Она широко улыбается.
Я наклоняюсь и поднимаю его. Все равно что поднять воздух – такой он легкий. Очень мелкими шагами я пересекаю коридор, прохожу в гостиную, ни на секунду не отводя глаз от мячика, который катается туда-сюда у меня на ладони, и я все жду, когда он свалится и поскачет обратно в коридор к входной двери.
Сидни подхватывает мячик у меня с руки.
– ’Пасиб’, – говорит она через плечо.
Моя рука внезапно пуста. Я не знаю, что делать дальше.
Сидни замечает это.
– Партейку? – Она протягивает мне свою ракетку.
Я оглядываю комнату. Дебби и Бекка занимают кресло: Дебби на сиденье, Бекка на подлокотнике. Тиффани, как всегда со своей сумочкой, с другой стороны теннисного стола и держит вторую ракетку. Тара стоит у доски и записывает счет.
– Можешь просто посмотреть, если хочешь, – говорит Сидни. И показывает на пустой стул.
– Давай, – говорит Тара.
Расстояние до пустого стула кажется очень большим – придется сделать много шагов. Дверь гораздо ближе. Я мотаю головой и поворачиваюсь, чтобы уйти, понимая уже по ходу, что ошиблась. Путь до двери занимает целую вечность.

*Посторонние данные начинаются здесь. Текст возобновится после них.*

(* Let $G$ be a $6$-regular graph, $\mathcal S$ a canonical path partition of $G$, $P$ a path component, and $X=x_1x_2\cdots x_k$ ($k\ge 2$) a sequence of consecutive vertices of $P$, all belonging to $V_2^b$. Let $X'\subseteq X$ be the set of vertices of $X$ that go to at least one vertex of a cycle component. If $|X'|\ge 2$, then the vertices of $X'$ are consecutive on $P$, there is a single cycle component $C$ such that every cycle-component vertex that any vertex of $X'$ goes to lies in $C$, and, if $|V(C)|\le 6$, the number of balanced edges between $X'$ and $V(C)$ is at most $\frac{|X'|\cdot|V(C)|}{2}$.
   Context: All graphs are finite, simple and undirected. A path partition of $G=(V,E)$ is a set of vertex-disjoint paths (single vertices allowed) covering $V$; its members are components. A component with $t\ge3$ vertices is a cycle component if the subgraph induced on its vertex set has a spanning cycle; a one-vertex component is an isolated vertex; every other component is a path component. A path partition is canonical if (1) it has the minimum number of components among all path partitions of $G$; (2) among those, it has the maximum number of cycle components; (3) it has no isolated vertices. Given a canonical path partition $\mathcal S$ of $G$: two vertices are path neighbors if they are consecutive on a path component. An edge of $G$ is a free edge unless it joins two path neighbors or has both endpoints in the same cycle component. $V_1$ is the set of end-vertices of path components together with all vertices of cycle components. $V_2$ is the set of vertices not in $V_1$ that are joined by a free edge to a vertex of $V_1$. $V_2^b$ is the set of vertices of $V_2$ having at least one path neighbor in $V_2$. A balanced edge is a free edge with one endpoint in $V_1$ and the other in $V_2$; for $x\in V_2$, $y\in V_1$ we say $x$ goes to $y$ if $xy$ is a balanced edge. *)

From mathcomp Require Import all_boot.
Set Implicit Arguments. Unset Strict Implicit. Unset Printing Implicit Defensive.

Section PathPartitions.
Variables (T : finType) (e : rel T).

Definition is_gpath (s : seq T) : bool :=
  if s is x :: s' then path e x s' else false.

Definition path_partition (S : seq (seq T)) : Prop :=
  all is_gpath S /\ uniq (flatten S) /\ (forall v : T, v \in flatten S).

Definition cycle_comp (s : seq T) : bool :=
  (2 < size s) && has (cycle e) (permutations s).

Definition isolated_comp (s : seq T) : bool := size s == 1.

Definition path_comp (s : seq T) : bool := (1 < size s) && ~~ cycle_comp s.

Definition ncycles (S : seq (seq T)) : nat := count cycle_comp S.

Definition canonical (S : seq (seq T)) : Prop :=
  [/\ path_partition S,
      (forall S', path_partition S' -> size S <= size S'),
      (forall S', path_partition S' -> size S' = size S -> ncycles S' <= ncycles S)
    & ~~ has isolated_comp S].

Definition consec (s : seq T) (x y : T) : bool :=
  ((x, y) \in zip s (behead s)) || ((y, x) \in zip s (behead s)).

Variable S : seq (seq T).

Definition path_nb (x y : T) : bool := has (fun s => path_comp s && consec s x y) S.

Definition same_cycle_comp (x y : T) : bool :=
  has (fun s => [&& cycle_comp s, x \in s & y \in s]) S.

Definition in_cycle_comp (y : T) : bool := has (fun s => cycle_comp s && (y \in s)) S.

Definition free_edge (x y : T) : bool :=
  [&& e x y, ~~ path_nb x y & ~~ same_cycle_comp x y].

Definition V1 (x : T) : bool :=
  has (fun s => (path_comp s && ((x == head x s) || (x == last x s)))
                || (cycle_comp s && (x \in s))) S.
Lemma continuity_2d_pt_of_partials (f f1 : R -> R -> R) x y :
  locally_2d (fun u v => is_derive (fun t => f t v) u (f1 u v)) x y ->
  continuity_2d_pt f1 x y -> continuity_pt (fun t => f x t) y ->
  continuity_2d_pt f x y.
Proof.
  intros Hder Hf1 Hfx eps.
  set (M := Rabs (f1 x y) + 1).
  assert (HM : 0 < M) by (pose proof (Rabs_pos (f1 x y)); unfold M; lra).
  assert (Heps2 : 0 < eps / 2) by (pose proof (cond_pos eps); lra).
  assert (HepsM : 0 < eps / (2 * M)) by (apply Rdiv_lt_0_compat; [apply cond_pos | lra]).
  assert (Hfx2 : continuity_2d_pt (fun _ v => f x v) x y).
  { apply (continuity_1d_2d_pt_comp (fun t => f x t) (fun _ v => v));
      [exact Hfx | apply continuity_2d_pt_id2]. }
  destruct (locally_2d_and _ _ x y Hder
             (locally_2d_and _ _ x y (Hf1 (mkposreal 1 Rlt_0_1))
               (locally_2d_and _ _ x y (Hfx2 (mkposreal _ Heps2))
                  (continuity_2d_pt_id1 x y (mkposreal _ HepsM)))))
    as [d Hbox].
  exists d; intros u v Hu Hv; simpl in Hbox.
  destruct (MVT_segment (fun t => f t v) (fun t => f1 t v) x u) as [c [Hc Hmvt]].
  { intros t Ht. pose proof (Rabs_between _ _ _ Ht). apply Hbox; lra. }
  pose proof (Rabs_between _ _ _ Hc).
  destruct (Hbox c v) as (_ & Hf1c & _); [lra | exact Hv|].
  destruct (Hbox u v Hu Hv) as (_ & _ & Hfxv & Hux).
  simpl in Hmvt.
  replace (f u v - f x y) with (f1 c v * (u - x) + (f x v - f x y)) by lra.
  assert (Hprod : Rabs (f1 c v * (u - x)) <= eps / 2).
  { rewrite Rabs_mult.
    assert (Rabs (f1 c v) <= M) by (pose proof (Rabs_triang_inv (f1 c v) (f1 x y)); unfold M; lra).
    replace (eps / 2) with (M * (eps / (2 * M))) by (field; lra).
    apply Rmult_le_compat; try apply Rabs_pos; lra. }
  pose proof (Rabs_triang (f1 c v * (u - x)) (f x v - f x y)). lra.
Qed.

– С чего бы ты хотела начать сегодня? – говоришь ты.
Я размышляю.
– С Сэма. Можно еще поговорить про Сэма?
– Конечно.
Но я не могу придумать, что сказать про Сэма.
– Я рассказывала вам про его хоккейные карточки?
Ты отрицательно качаешь головой.
– У него такая гигантская коллекция карточек. Ему покупают новую пачку каждый раз, когда он болеет. Он обожает эти карточки. Все время раскладывает их по кучкам.
Ты ничего не говоришь.
– По командам, позициям в команде, статистике или чему-то там еще.
Ты не двигаешься. Я рисую пальцем треугольник на диване.
– Мама сидит с ним после школы. В кухонном уголке. Плетет.
Ты наклоняешь голову набок:
– Плетет?
Я прекращаю водить пальцем.
– Ну типа плетет кружева. Это когда делаешь всякие кружевные штучки типа салфеток и ангелочков и прочего из ниток. Она плетет, а он разбирает карточки.
То, что я рассказала тебе о маме и Сэме дома, в кухонном уголке, почему-то кажется неправильным, слишком личным.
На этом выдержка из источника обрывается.